TASK DIRECTIONS. When you find the line with "forall (k : 'I_p" among the records below, reproduce it and each line after it exactly, ending with the line with "case=> [[hk hkk]".

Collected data
###

(* Assume the setting described in the context. Let $P$ be the p-matrix with data $(\mathbf a,\mathbf b,\mathbf c,\mathbf d,E,F,G,H)$ such that $F(\mathbf k)\le\widehat\alpha\mathbf k$ and $H(\boldsymbol\ell)\le\widehat\beta\boldsymbol\ell$ for all $\mathbf k,\boldsymbol\ell$ in the respective blocks, and let $(\boldsymbol\kappa;\boldsymbol\lambda;\sigma)\in\mathcal C$. Then the subset $P(\vartheta)=\{\mathbf p\in P:\mathbf p-(\boldsymbol\kappa;\boldsymbol\lambda;\sigma)\in\mathcal C\}$ (the elements of $P$ divisible by $\vartheta=(\alpha^{\boldsymbol\kappa},\beta^{\boldsymbol\lambda})^{(\sigma)}$) is the p-matrix with data $(\mathbf a',\mathbf b,\mathbf c',\mathbf d,E',F',G',H')$, where (maxima of vectors taken componentwise) $\mathbf a'=\max\{\mathbf a,\boldsymbol\kappa\}$, $\mathbf c'=\max\{\mathbf c,\boldsymbol\lambda\}$, $E'(\mathbf k)=\max\{E(\mathbf k),\sigma\}$, $F'(\mathbf k)=\min\{F(\mathbf k),\widehat\alpha(\mathbf k-\boldsymbol\kappa)+\sigma\}$, $G'(\boldsymbol\ell)=\max\{G(\boldsymbol\ell),\sigma\}$, $H'(\boldsymbol\ell)=\min\{H(\boldsymbol\ell),\widehat\beta(\boldsymbol\ell-\boldsymbol\lambda)+\sigma\}$.
   Context: $\mathbb N=\{0,1,2,\dots\}$. Fix integers $p,q\ge1$, nonnegative integer weight vectors $\widehat\alpha=(\widehat\alpha_1,\dots,\widehat\alpha_p)$, $\widehat\beta=(\widehat\beta_1,\dots,\widehat\beta_q)$ (the weights of Hilbert bases $\alpha,\beta$ of two algebras of $\mathfrak{sl}_2$-seminvariants), and write $\widehat\alpha\mathbf k=\sum\widehat\alpha_ik_i$, $\widehat\beta\boldsymbol\ell=\sum\widehat\beta_j\ell_j$. The transvectant cone is $\mathcal C=\{(\mathbf k;\boldsymbol\ell;s)\in\mathbb N^{p+q+1}:s\le\widehat\alpha\mathbf k,\ s\le\widehat\beta\boldsymbol\ell\}$; $(\mathbf k;\boldsymbol\ell;s)$ represents the transvectant $(\alpha^{\mathbf k},\beta^{\boldsymbol\ell})^{(s)}$. Nonnegative integer intervals: for $a\in\mathbb Z$, $b\in\mathbb Z\cup\{\infty\}$, $[a,b]=\{j\in\mathbb N:a\le j\le b\}$ (with $j<\infty$ if $b=\infty$); negative endpoints are allowed. For vectors, the block $[\mathbf a,\mathbf b]=[a_1,b_1]\times\cdots\times[a_p,b_p]$. A p-matrix with data $(\mathbf a,\mathbf b,\mathbf c,\mathbf d,E,F,G,H)$, where $\mathbf a\in\mathbb Z^p$, $\mathbf b\in(\mathbb Z\cup\{\infty\})^p$, $\mathbf c\in\mathbb Z^q$, $\mathbf d\in(\mathbb Z\cup\{\infty\})^q$, $E,F$ integer-valued functions on $[\mathbf a,\mathbf b]$ and $G,H$ integer-valued functions on $[\mathbf c,\mathbf d]$, denotes the set $\{(\mathbf k;\boldsymbol\ell;s)\in\mathbb N^{p+q+1}:\mathbf k\in[\mathbf a,\mathbf b],\ \boldsymbol\ell\in[\mathbf c,\mathbf d],\ s\in[E(\mathbf k),F(\mathbf k)]\cap[G(\boldsymbol\ell),H(\boldsymbol\ell)]\}$. *)

From mathcomp Require Import all_boot all_order all_algebra.
Set Implicit Arguments. Unset Strict Implicit. Unset Printing Implicit Defensive.
Import Order.TTheory GRing.Theory Num.Theory.
Local Open Scope ring_scope.

(* Vectors in N^p are functions 'I_p -> nat; integer endpoints are 'int';
   an upper endpoint in Z ∪ {oo} is an 'option int', with None = oo. *)

Definition inInt (a : int) (b : option int) (j : nat) : Prop :=
  a <= j%:Z /\ (match b with None => True | Some b' => j%:Z <= b' end).

Definition inBlock (n : nat) (a : 'I_n -> int) (b : 'I_n -> option int)
  (k : 'I_n -> nat) : Prop := forall i, inInt (a i) (b i) (k i).

Definition wsum (n : nat) (w k : 'I_n -> nat) : nat := (\sum_(i < n) w i * k i)%N.

Definition inCone (p q : nat) (alpha : 'I_p -> nat) (beta : 'I_q -> nat)
  (k : 'I_p -> nat) (l : 'I_q -> nat) (s : nat) : Prop :=
  (s <= wsum alpha k)%N /\ (s <= wsum beta l)%N.

(* membership in the p-matrix with data (a,b,c,d,E,F,G,H).
   E F G H are total functions; only their values on the blocks matter. *)
Definition inPmatrix (p q : nat)
  (a : 'I_p -> int) (b : 'I_p -> option int)
  (c : 'I_q -> int) (d : 'I_q -> option int)
  (E F : ('I_p -> nat) -> int) (G H : ('I_q -> nat) -> int)
  (k : 'I_p -> nat) (l : 'I_q -> nat) (s : nat) : Prop :=
  inBlock a b k /\ inBlock c d l /\
  (E k <= s%:Z /\ s%:Z <= F k) /\ (G l <= s%:Z /\ s%:Z <= H l).

(* (k;l;s) - (kappa;lambda;sigma) ∈ C  (the difference, computed in Z^{p+q+1},
   is an element of C) *)
Definition divisibleBy (p q : nat) (alpha : 'I_p -> nat) (beta : 'I_q -> nat)
  (kappa : 'I_p -> nat) (lambda : 'I_q -> nat) (sigma : nat)
  (k : 'I_p -> nat) (l : 'I_q -> nat) (s : nat) : Prop :=
  exists (k0 : 'I_p -> nat) (l0 : 'I_q -> nat) (s0 : nat),
    [/\ inCone alpha beta k0 l0 s0,
        forall i, k i = (k0 i + kappa i)%N,
        forall j, l j = (l0 j + lambda j)%N &
        s = (s0 + sigma)%N].

From Stdlib Require Import Setoid.
From mathcomp Require Import all_boot all_order all_algebra.
Import Order.TTheory GRing.Theory Num.Theory.
Local Open Scope ring_scope.

(* Divisibility by (kappa; lambda; sigma) means kappa <= k, lambda <= l,
   sigma <= s, and the cone inequalities for the quotient
   (k - kappa; l - lambda; s - sigma).  Raising the lower bounds of the blocks
   and of s to kappa, lambda, sigma encodes the first three conditions, and the
   cone inequalities become s <= alpha (k - kappa) + sigma and
   s <= beta (l - lambda) + sigma, which are the new upper bounds F', H'. *)

Lemma wsum_shift {n} (w : 'I_n -> nat) {k0 kap k : 'I_n -> nat} :
  (forall i, k i = k0 i + kap i)%N ->
  \sum_(i < n) (w i)%:Z * ((k i)%:Z - (kap i)%:Z) = (wsum w k0)%:Z.
Proof.
move=> ek; rewrite /wsum -natz natr_sum; apply: eq_bigr => i _.
by rewrite ek PoszD addrK natz PoszM.
Qed.

Lemma inInt_max (a m : int) (b : option int) (j : nat) :
  inInt (Num.max a m) b j <-> inInt a b j /\ m <= j%:Z.
Proof.
rewrite /inInt ge_max.
by split=> [[/andP[ha hm] hb] | [[ha hb] hm]]; rewrite ?ha ?hm.
Qed.

Lemma inBlock_max n (a : 'I_n -> int) (m : 'I_n -> nat) (b : 'I_n -> option int)
    (k : 'I_n -> nat) :
  inBlock (fun i => Num.max (a i) (m i)%:Z) b k <->
  inBlock a b k /\ forall i, (m i <= k i)%N.
Proof.
split=> [hk | [hk hm] i]; last by apply/inInt_max; rewrite lez_nat.
by split=> i; have /inInt_max[? ?] := hk i; rewrite // -lez_nat.
Qed.

Lemma shifted_bound (m sigma s : nat) :
  (sigma <= s)%N -> (s%:Z <= m%:Z + sigma%:Z) = (s - sigma <= m)%N.
Proof. by move=> hs; rewrite -PoszD lez_nat leq_subLR addnC. Qed.

Lemma divisibleByP p q (alpha : 'I_p -> nat) (beta : 'I_q -> nat)
    (kappa : 'I_p -> nat) (lambda : 'I_q -> nat) (sigma : nat)
    (k : 'I_p -> nat) (l : 'I_q -> nat) (s : nat) :
  divisibleBy alpha beta kappa lambda sigma k l s <->
  [/\ forall i, (kappa i <= k i)%N, forall j, (lambda j <= l j)%N,
      (sigma <= s)%N,
      s%:Z <= \sum_(i < p) (alpha i)%:Z * ((k i)%:Z - (kappa i)%:Z) + sigma%:Z &
      s%:Z <= \sum_(j < q) (beta j)%:Z * ((l j)%:Z - (lambda j)%:Z) + sigma%:Z].
Proof.
split.
  case=> k0 [l0 [s0 [[hk0 hl0] ek el es]]].
  have hs : (sigma <= s)%N by rewrite es leq_addl.
  rewrite (wsum_shift alpha ek) (wsum_shift beta el) !shifted_bound // es addnK.
  by split=> // [i | j | ]; rewrite ?ek ?el ?es leq_addl.
case=> hk hl hs.
have ek i : k i = (k i - kappa i + kappa i)%N by rewrite subnK.
have el j : l j = (l j - lambda j + lambda j)%N by rewrite subnK.
rewrite (wsum_shift alpha ek) (wsum_shift beta el) !shifted_bound // => hk0 hl0.
by exists (fun i => k i - kappa i)%N, (fun j => l j - lambda j)%N, (s - sigma)%N;
  split; rewrite // subnK.
Qed.

Theorem theorem14p1 (p q : nat) (hp : (0 < p)%N) (hq : (0 < q)%N)
  (alpha : 'I_p -> nat) (beta : 'I_q -> nat)
  (a : 'I_p -> int) (b : 'I_p -> option int)
  (c : 'I_q -> int) (d : 'I_q -> option int)
  (E F : ('I_p -> nat) -> int) (G H : ('I_q -> nat) -> int)
  (hF : forall k, inBlock a b k -> F k <= (wsum alpha k)%:Z)
  (hH : forall l, inBlock c d l -> H l <= (wsum beta l)%:Z)
  (kappa : 'I_p -> nat) (lambda : 'I_q -> nat) (sigma : nat)
  (hcone : inCone alpha beta kappa lambda sigma) :
  forall (k : 'I_p -> nat) (l : 'I_q -> nat) (s : nat),
    inPmatrix
      (fun i => Num.max (a i) (kappa i)%:Z) b
      (fun j => Num.max (c j) (lambda j)%:Z) d
      (fun k' => Num.max (E k') sigma%:Z)
      (fun k' => Num.min (F k')
         (\sum_(i < p) (alpha i)%:Z * ((k' i)%:Z - (kappa i)%:Z) + sigma%:Z))
      (fun l' => Num.max (G l') sigma%:Z)
      (fun l' => Num.min (H l')
         (\sum_(j < q) (beta j)%:Z * ((l' j)%:Z - (lambda j)%:Z) + sigma%:Z))
      k l s
    <->
    (inPmatrix a b c d E F G H k l s /\
     divisibleBy alpha beta kappa lambda sigma k l s).
Proof.
move=> k l s; rewrite /inPmatrix divisibleByP !inBlock_max !ge_max !le_min !lez_nat.
split.
  case=> [[hk hkk] [[hl hll] [[/andP[hE hs] /andP[hF' hFs]]
                               [/andP[hG _] /andP[hH' hHs]]]]].
  by split.
by case=> [[hk [hl [[hE hF'] [hG hH']]]] [hkk hll hs hFs hHs]];
  rewrite hE hF' hG hH' hs hFs hHs.
Qed.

###

REPLY TO THE TASK.
  forall (k : 'I_p -> nat) (l : 'I_q -> nat) (s : nat),
    inPmatrix
      (fun i => Num.max (a i) (kappa i)%:Z) b
      (fun j => Num.max (c j) (lambda j)%:Z) d
      (fun k' => Num.max (E k') sigma%:Z)
      (fun k' => Num.min (F k')
         (\sum_(i < p) (alpha i)%:Z * ((k' i)%:Z - (kappa i)%:Z) + sigma%:Z))
      (fun l' => Num.max (G l') sigma%:Z)
      (fun l' => Num.min (H l')
         (\sum_(j < q) (beta j)%:Z * ((l' j)%:Z - (lambda j)%:Z) + sigma%:Z))
      k l s
    <->
    (inPmatrix a b c d E F G H k l s /\
     divisibleBy alpha beta kappa lambda sigma k l s).
Proof.
move=> k l s; rewrite /inPmatrix divisibleByP !inBlock_max !ge_max !le_min !lez_nat.
split.
  case=> [[hk hkk] [[hl hll] [[/andP[hE hs] /andP[hF' hFs]]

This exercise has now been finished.